—Ése es un buen ejemplo de la grandeza y la miseria de la vida: el dolor y la alegría se necesitan mutuamente; coexisten en una delgada línea que separa nuestros soñados anhelos de las indeseables amarguras. Al igual que el incendio destruye para propiciar nuevos brotes, la despiadada desgracia acaba abriendo otra puerta, por más que nuestra mortal y humana condición no nos lo permita apreciar.
—¿Y por qué todo funciona así? Ya me dijiste que no se puede entender en su esencia más profunda el concepto de bondad sin haber conocido previamente la maldad, pero... ¿eso significa que siempre existirá gente tan perversa como Flenden, que la crueldad no desaparecerá jamás de la faz de la tierra?

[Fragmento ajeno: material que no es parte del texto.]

(* For every positive integer $m$ and all complex numbers $\alpha \neq 0$ and $x$, $$\sum_{k=1}^m \binom{m}{k} k^\alpha x^k = \sum_{j=1}^m \binom{m}{j} j!\, S(\alpha, j)\, x^j (1+x)^{m-j}.$$
   Context: For a complex number $\alpha \neq 0$ and a positive integer $k$, the Stirling function of the second kind is $$S(\alpha, k) = \frac{1}{k!} \sum_{j=1}^k (-1)^{k-j} \binom{k}{j} j^\alpha,$$ where for a positive integer $j$, $j^\alpha = e^{\alpha \ln j}$ with $\ln j$ the real logarithm. Here $(1+x)^0 = 1$ for all $x$. *)

From Stdlib Require Import Reals Arith Factorial.
Open Scope R_scope.

(* Complex numbers z = (Re z, Im z). *)
Definition Cplx : Type := (R * R)%type.

Definition RtoC (r : R) : Cplx := (r, 0).
Definition Czero : Cplx := (0, 0).
Definition Cone : Cplx := (1, 0).
Definition Cadd (z w : Cplx) : Cplx := (fst z + fst w, snd z + snd w).
Definition Cmul (z w : Cplx) : Cplx :=
  (fst z * fst w - snd z * snd w, fst z * snd w + snd z * fst w).

Fixpoint Cpow (z : Cplx) (n : nat) : Cplx :=
  match n with O => Cone | S n' => Cmul z (Cpow z n') end.

Definition Cexp (z : Cplx) : Cplx :=
  (exp (fst z) * cos (snd z), exp (fst z) * sin (snd z)).

(* j^alpha := e^(alpha ln j) for a positive integer j, ln the real logarithm *)
Definition natCpow (j : nat) (alpha : Cplx) : Cplx :=
  Cexp (Cmul alpha (RtoC (ln (INR j)))).

Fixpoint Csum1 (f : nat -> Cplx) (m : nat) : Cplx :=
  match m with O => Czero | S m' => Cadd (Csum1 f m') (f (S m')) end.

Definition Stirling2 (alpha : Cplx) (k : nat) : Cplx :=
  Cmul (RtoC (/ INR (fact k)))
       (Csum1 (fun j => Cmul (RtoC ((-1) ^ (k - j) * Binomial.C k j))
                             (natCpow j alpha)) k).

From Stdlib Require Import Reals Arith Factorial Lia.
Open Scope R_scope.

(* Write a_k := k^alpha for k >= 1 and a_0 := 0.  Unfolding the
   Stirling function, j! S(alpha,j) is the j-th forward difference of a at 0,
     (Delta^j a)(0) = sum_{i<=j} (-1)^(j-i) binom(j,i) a_i,
   so the theorem is an instance of a purely algebraic identity valid for
   every complex sequence a:
     sum_{j<=m} binom(m,j) (Delta^j a)(0) x^j (1+x)^(m-j)
       = sum_{k<=m} binom(m,k) a_k x^k.
   Exchanging the two sums, the coefficient of a_i on the left is
     binom(m,i) x^i sum_l binom(m-i,l) (-x)^l (1+x)^(m-i-l)
       = binom(m,i) x^i (-x + (1+x))^(m-i) = binom(m,i) x^i
   by the identity binom(m,j) binom(j,i) = binom(m,i) binom(m-i,j-i) and the
   binomial theorem. *)

Definition Copp (z : Cplx) : Cplx := (- fst z, - snd z).
Definition Csub (z w : Cplx) : Cplx := Cadd z (Copp w).

Lemma Cring_theory : ring_theory Czero Cone Cadd Cmul Csub Copp (@eq Cplx).
Proof.
  constructor; intros;
    repeat match goal with z : Cplx |- _ => destruct z end;
    unfold Cadd, Cmul, Csub, Copp, Czero, Cone; simpl; try reflexivity;
    f_equal; ring.
Qed.
Add Ring Cring : Cring_theory.

Lemma RtoC_add (a b : R) : RtoC (a + b) = Cadd (RtoC a) (RtoC b).
Proof. unfold RtoC, Cadd; simpl; f_equal; ring. Qed.

Lemma RtoC_mul (a b : R) : RtoC (a * b) = Cmul (RtoC a) (RtoC b).
Proof. unfold RtoC, Cmul; simpl; f_equal; ring. Qed.

Lemma Cpow_add (z : Cplx) (a b : nat) : Cpow z (a + b) = Cmul (Cpow z a) (Cpow z b).
Proof. induction a as [|a IH]; simpl; [ring | rewrite IH; ring]. Qed.

Lemma Cpow_mul (z w : Cplx) (n : nat) : Cpow (Cmul z w) n = Cmul (Cpow z n) (Cpow w n).
Proof. induction n as [|n IH]; simpl; [|rewrite IH]; ring. Qed.

Lemma Cpow_RtoC (r : R) (n : nat) : Cpow (RtoC r) n = RtoC (r ^ n).
Proof. induction n as [|n IH]; simpl; [reflexivity | rewrite IH, RtoC_mul; reflexivity]. Qed.

Lemma Cpow_one (n : nat) : Cpow Cone n = Cone.
Proof. induction n as [|n IH]; simpl; [|rewrite IH]; ring. Qed.

Fixpoint sumN (f : nat -> Cplx) (n : nat) : Cplx :=
  match n with O => Czero | S n' => Cadd (sumN f n') (f n') end.

Lemma sumN_ext (f g : nat -> Cplx) (n : nat) :
  (forall k, (k < n)%nat -> f k = g k) -> sumN f n = sumN g n.
Proof.
  induction n as [|n IH]; intros Hfg; simpl; [reflexivity|].
  rewrite IH by (intros; apply Hfg; lia). rewrite Hfg by lia. reflexivity.
Qed.

Lemma sumN_zero (f : nat -> Cplx) (n : nat) :
  (forall k, (k < n)%nat -> f k = Czero) -> sumN f n = Czero.
Proof.
  induction n as [|n IH]; intros Hf; simpl; [reflexivity|].
  rewrite IH by (intros; apply Hf; lia). rewrite Hf by lia. ring.
Qed.

Lemma sumN_add (f g : nat -> Cplx) (n : nat) :
  sumN (fun k => Cadd (f k) (g k)) n = Cadd (sumN f n) (sumN g n).
Proof. induction n as [|n IH]; simpl; [|rewrite IH]; ring. Qed.

Lemma sumN_scal (c : Cplx) (f : nat -> Cplx) (n : nat) :
  sumN (fun k => Cmul c (f k)) n = Cmul c (sumN f n).
Proof. induction n as [|n IH]; simpl; [|rewrite IH]; ring. Qed.

Lemma sumN_split (f : nat -> Cplx) (p n : nat) :
  sumN f (p + n) = Cadd (sumN f p) (sumN (fun k => f (p + k)%nat) n).
Proof.
  induction n as [|n IH]; [rewrite Nat.add_0_r; simpl; ring|].
  rewrite Nat.add_succ_r; simpl; rewrite IH; ring.
Qed.

Lemma sumN_first (f : nat -> Cplx) (n : nat) :
  sumN f (S n) = Cadd (f O) (sumN (fun k => f (S k)) n).
Proof. change (S n) with (1 + n)%nat. rewrite sumN_split; simpl; ring. Qed.

Lemma sumN_truncate (f : nat -> Cplx) (p n : nat) : (p <= n)%nat ->
  (forall k, (p <= k < n)%nat -> f k = Czero) -> sumN f n = sumN f p.
Proof.
  intros Hpn Hf. replace n with (p + (n - p))%nat by lia.
  rewrite sumN_split, (sumN_zero _ (n - p)) by (intros; apply Hf; lia). ring.
Qed.

Lemma sumN_swap (G : nat -> nat -> Cplx) (n m : nat) :
  sumN (fun i => sumN (fun j => G i j) m) n = sumN (fun j => sumN (fun i => G i j) n) m.
Proof.
  induction n as [|n IH]; simpl.
  - symmetry; apply sumN_zero; reflexivity.
  - rewrite IH, <- sumN_add. reflexivity.
Qed.

Lemma Csum1_ext (f g : nat -> Cplx) (m : nat) :
  (forall k, (1 <= k <= m)%nat -> f k = g k) -> Csum1 f m = Csum1 g m.
Proof.
  induction m as [|m IH]; intros Hfg; simpl; [reflexivity|].
  rewrite IH by (intros; apply Hfg; lia). rewrite Hfg by lia. reflexivity.
Qed.

Lemma Csum1_sumN (f : nat -> Cplx) (m : nat) : f O = Czero -> Csum1 f m = sumN f (S m).
Proof.
  intros Hf0; induction m as [|m IH]; simpl in *; [rewrite Hf0; ring | rewrite IH; reflexivity].
Qed.

(* Binomial coefficients given by Pascal's rule; unlike Binomial.C they vanish
   for k > n, which lets sums run past the natural range. *)

Fixpoint binom (n k : nat) : R :=
  match n, k with
  | O, O => 1
  | O, S _ => 0
  | S _, O => 1
  | S n', S k' => binom n' k' + binom n' (S k')
  end.

Lemma binom_0 (n : nat) : binom n 0 = 1.
Proof. destruct n; reflexivity. Qed.

Lemma binom_gt (n k : nat) : (n < k)%nat -> binom n k = 0.
Proof.
  revert k; induction n as [|n IH]; intros [|k] Hnk; simpl; try lia; [reflexivity|].
  rewrite !IH by lia; ring.
Qed.

Lemma Binomial_C_0 (n : nat) : Binomial.C n 0 = 1.
Proof. unfold Binomial.C; rewrite Nat.sub_0_r; simpl; field; apply INR_fact_neq_0. Qed.

Lemma Binomial_C_diag (n : nat) : Binomial.C n n = 1.
Proof. unfold Binomial.C; rewrite Nat.sub_diag; simpl; field; apply INR_fact_neq_0. Qed.

Lemma binom_C (n k : nat) : (k <= n)%nat -> binom n k = Binomial.C n k.
Proof.
  revert k; induction n as [|n IH]; intros [|k] Hkn; simpl;
    try (rewrite Binomial_C_0; reflexivity); try lia.
  destruct (Nat.eq_dec k n) as [->|Hk].
  - rewrite (binom_gt n (S n)), IH, !Binomial_C_diag by lia. ring.
  - rewrite !IH by lia. apply pascal; lia.
Qed.

Lemma binom_revision (m j i : nat) : (i <= j)%nat -> (j <= m)%nat ->
  binom m j * binom j i = binom m i * binom (m - i) (j - i).
Proof.
  intros Hij Hjm. rewrite !binom_C by lia. unfold Binomial.C.
  replace (m - i - (j - i))%nat with (m - j)%nat by lia.
  pose proof (INR_fact_neq_0 m). pose proof (INR_fact_neq_0 j).
  pose proof (INR_fact_neq_0 i). pose proof (INR_fact_neq_0 (m - j)).
  pose proof (INR_fact_neq_0 (j - i)). pose proof (INR_fact_neq_0 (m - i)).
  field; repeat split; assumption.
Qed.

Definition binom_term (u v : Cplx) (n l : nat) : Cplx :=
  Cmul (RtoC (binom n l)) (Cmul (Cpow u l) (Cpow v (n - l))).

Lemma binom_term_succ (u v : Cplx) (n l : nat) : (l <= n)%nat ->
  binom_term u v (S n) (S l)
  = Cadd (Cmul u (binom_term u v n l)) (Cmul v (binom_term u v n (S l))).
Proof.
  intros Hln. unfold binom_term; simpl binom; rewrite RtoC_add, Nat.sub_succ.
  destruct (Nat.eq_dec l n) as [->|Hl].
  - rewrite (binom_gt n (S n)) by lia.
    replace (n - S n)%nat with 0%nat by lia. rewrite !Nat.sub_diag.
    change (RtoC 0) with Czero. cbn [Cpow]. ring.
  - replace (n - l)%nat with (S (n - S l)) by lia. cbn [Cpow]. ring.
Qed.

Lemma binomial_theorem (u v : Cplx) (n : nat) :
  Cpow (Cadd u v) n = sumN (binom_term u v n) (S n).
Proof.
  induction n as [|n IH].
  { unfold binom_term; cbn [Cpow sumN binom Nat.sub]. change (RtoC 1) with Cone. ring. }
  (* (u+v) * sum_l t_l = sum_l (u t_l + v t_(l+1)) + v t_0, using t_(n+1) = 0. *)
  rewrite sumN_first, (sumN_ext _ (fun l => Cadd (Cmul u (binom_term u v n l))
                                                 (Cmul v (binom_term u v n (S l)))))
    by (intros; apply binom_term_succ; lia).
  rewrite sumN_add, !sumN_scal.
  assert (Hlast : sumN (binom_term u v n) (S (S n)) = sumN (binom_term u v n) (S n)).
  { apply sumN_truncate; [lia|]. intros k Hk. unfold binom_term.
    rewrite (binom_gt n k) by lia. change (RtoC 0) with Czero. ring. }
  rewrite sumN_first in Hlast.
  assert (Hhead : binom_term u v (S n) 0 = Cmul v (binom_term u v n 0)).
  { unfold binom_term; rewrite !Nat.sub_0_r, !binom_0; cbn [Cpow]; ring. }
  cbn [Cpow]. rewrite Hhead, IH, <- Hlast. ring.
Qed.

Definition fdiff0 (a : nat -> Cplx) (j : nat) : Cplx :=
  sumN (fun i => Cmul (RtoC ((-1) ^ (j - i) * binom j i)) (a i)) (S j).

(* The coefficient of a_i after exchanging the sums: by trinomial revision it
   is binom(m,i) x^i times the expansion of (-x + (1+x))^(m-i) = 1. *)
Lemma inversion_kernel (m i : nat) (x : Cplx) : (i <= m)%nat ->
  sumN (fun j => Cmul (RtoC (binom m j * ((-1) ^ (j - i) * binom j i)))
                      (Cmul (Cpow x j) (Cpow (Cadd Cone x) (m - j)))) (S m)
  = Cmul (RtoC (binom m i)) (Cpow x i).
Proof.
  intros Him.
  replace (S m) with (i + S (m - i))%nat by lia.
  rewrite sumN_split, (sumN_zero _ i).
  2:{ intros j Hj. rewrite (binom_gt j i) by lia.
      rewrite !Rmult_0_r. change (RtoC 0) with Czero. ring. }
  rewrite (sumN_ext _ (fun l => Cmul (Cmul (RtoC (binom m i)) (Cpow x i))
             (binom_term (Cmul (RtoC (-1)) x) (Cadd Cone x) (m - i) l))).
  2:{ intros l Hl. unfold binom_term.
      pose proof (binom_revision m (i + l) i ltac:(lia) ltac:(lia)) as Hrev.
      replace (i + l - i)%nat with l in * by lia.
      replace (m - (i + l))%nat with (m - i - l)%nat by lia.
      replace (binom m (i + l) * ((-1) ^ l * binom (i + l) i))
        with ((-1) ^ l * (binom m (i + l) * binom (i + l) i)) by ring.
      rewrite Hrev, !RtoC_mul, Cpow_add, Cpow_mul, Cpow_RtoC. ring. }
  rewrite sumN_scal, <- binomial_theorem.
  replace (Cadd (Cmul (RtoC (-1)) x) (Cadd Cone x)) with Cone
    by (destruct x; unfold RtoC, Cmul, Cadd, Cone; simpl; f_equal; ring).
  rewrite Cpow_one. ring.
Qed.

Lemma binomial_inversion (m : nat) (x : Cplx) (a : nat -> Cplx) :
  sumN (fun j => Cmul (RtoC (binom m j))
                      (Cmul (fdiff0 a j) (Cmul (Cpow x j) (Cpow (Cadd Cone x) (m - j))))) (S m)
  = sumN (fun k => Cmul (RtoC (binom m k)) (Cmul (a k) (Cpow x k))) (S m).
Proof.
  (* Extend each inner sum to the common range i <= m (binom(j,i) = 0 for i > j). *)
  rewrite (sumN_ext _ (fun j => sumN (fun i => Cmul (a i)
     (Cmul (RtoC (binom m j * ((-1) ^ (j - i) * binom j i)))
           (Cmul (Cpow x j) (Cpow (Cadd Cone x) (m - j))))) (S m))).
  2:{ intros j Hj. unfold fdiff0.
      rewrite <- (sumN_truncate _ (S j) (S m)); [| lia |].
      2:{ intros i Hi. rewrite (binom_gt j i) by lia.
          rewrite Rmult_0_r. change (RtoC 0) with Czero. ring. }
      match goal with |- Cmul ?c (Cmul ?s ?d) = _ =>
        transitivity (Cmul (Cmul c d) s); [ring|] end.
      rewrite <- sumN_scal. apply sumN_ext. intros i _. rewrite !RtoC_mul. ring. }
  rewrite sumN_swap. apply sumN_ext. intros i Hi.
  rewrite sumN_scal, inversion_kernel by lia. ring.
Qed.

(* The sequence k |-> k^alpha, set to 0 at k = 0 (the index 0 never occurs in
   the sums of the theorem). *)
Definition power_seq (alpha : Cplx) (k : nat) : Cplx :=
  match k with O => Czero | S _ => natCpow k alpha end.

Lemma Stirling2_fdiff0 (alpha : Cplx) (j : nat) :
  Cmul (RtoC (INR (fact j))) (Stirling2 alpha j) = fdiff0 (power_seq alpha) j.
Proof.
  unfold Stirling2, fdiff0.
  rewrite (Csum1_ext _ (fun i => Cmul (RtoC ((-1) ^ (j - i) * binom j i)) (power_seq alpha i))).
  2:{ intros [|i] Hi; [lia|]. rewrite (binom_C j) by lia. reflexivity. }
  rewrite Csum1_sumN by (cbn; ring).
  transitivity (Cmul (RtoC (INR (fact j) * / INR (fact j)))
                     (sumN (fun i => Cmul (RtoC ((-1) ^ (j - i) * binom j i))
                                          (power_seq alpha i)) (S j))).
  - rewrite RtoC_mul. ring.
  - rewrite Rinv_r by apply INR_fact_neq_0. change (RtoC 1) with Cone. ring.
Qed.

Theorem proposition2 (m : nat) (alpha x : Cplx) :
  (1 <= m)%nat -> alpha <> Czero ->
  Csum1 (fun k => Cmul (RtoC (Binomial.C m k))
                       (Cmul (natCpow k alpha) (Cpow x k))) m
  = Csum1 (fun j => Cmul (RtoC (Binomial.C m j * INR (fact j)))
                         (Cmul (Stirling2 alpha j)
                               (Cmul (Cpow x j) (Cpow (Cadd Cone x) (m - j))))) m.
Proof.
  intros _ _.
  rewrite (Csum1_ext _ (fun k => Cmul (RtoC (binom m k))
                                      (Cmul (power_seq alpha k) (Cpow x k)))).
  2:{ intros [|k] Hk; [lia|]. rewrite binom_C by lia. reflexivity. }
  symmetry.
  rewrite (Csum1_ext _ (fun j => Cmul (RtoC (binom m j))
     (Cmul (fdiff0 (power_seq alpha) j) (Cmul (Cpow x j) (Cpow (Cadd Cone x) (m - j)))))).
  2:{ intros j Hj. rewrite <- Stirling2_fdiff0, binom_C, RtoC_mul by lia. ring. }
  rewrite !Csum1_sumN by (unfold fdiff0; cbn [sumN power_seq]; ring).
  apply binomial_inversion.
Qed.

—Puede que la crueldad resida en la propia condición humana, al igual que todas las transgresiones de la moralidad y la honestidad; pero también habita el amor. Esto siempre será así... al menos en el plano en que existimos. Aunque... sí que es cierto que Flenden es extremadamente malvado.
Noelia titubeó recordando la determinada voluntad de Samuel de no concederle la clemencia que ni siquiera pidió.
—Algún día comprenderás que la vida y la muerte no nos pertenecen —continuó como si leyera los pensamientos de Samuel, que en ese instante volvía a arrepentirse de no haberle disparado.
—Esa bestia es responsable, por acción y omisión, de innumerables muertes.
—La maldad no se elimina con maldad. Hicimos lo que debimos. Si no lo mataste es porque estaba escrito que no debía morir...
Noelia se dio cuenta de que, una vez más, se estaba adentrando en un terreno pantanoso, inaccesible aún para la conservadora mente de Samuel. Aun así, había algo que quería decirle desde que escaparon del túnel y no encontraba la forma de hacerlo.
—Flenden es un admirador de Nietzsche.
—Otro hijo de puta —subrayó Samuel en un incontrolable impulso.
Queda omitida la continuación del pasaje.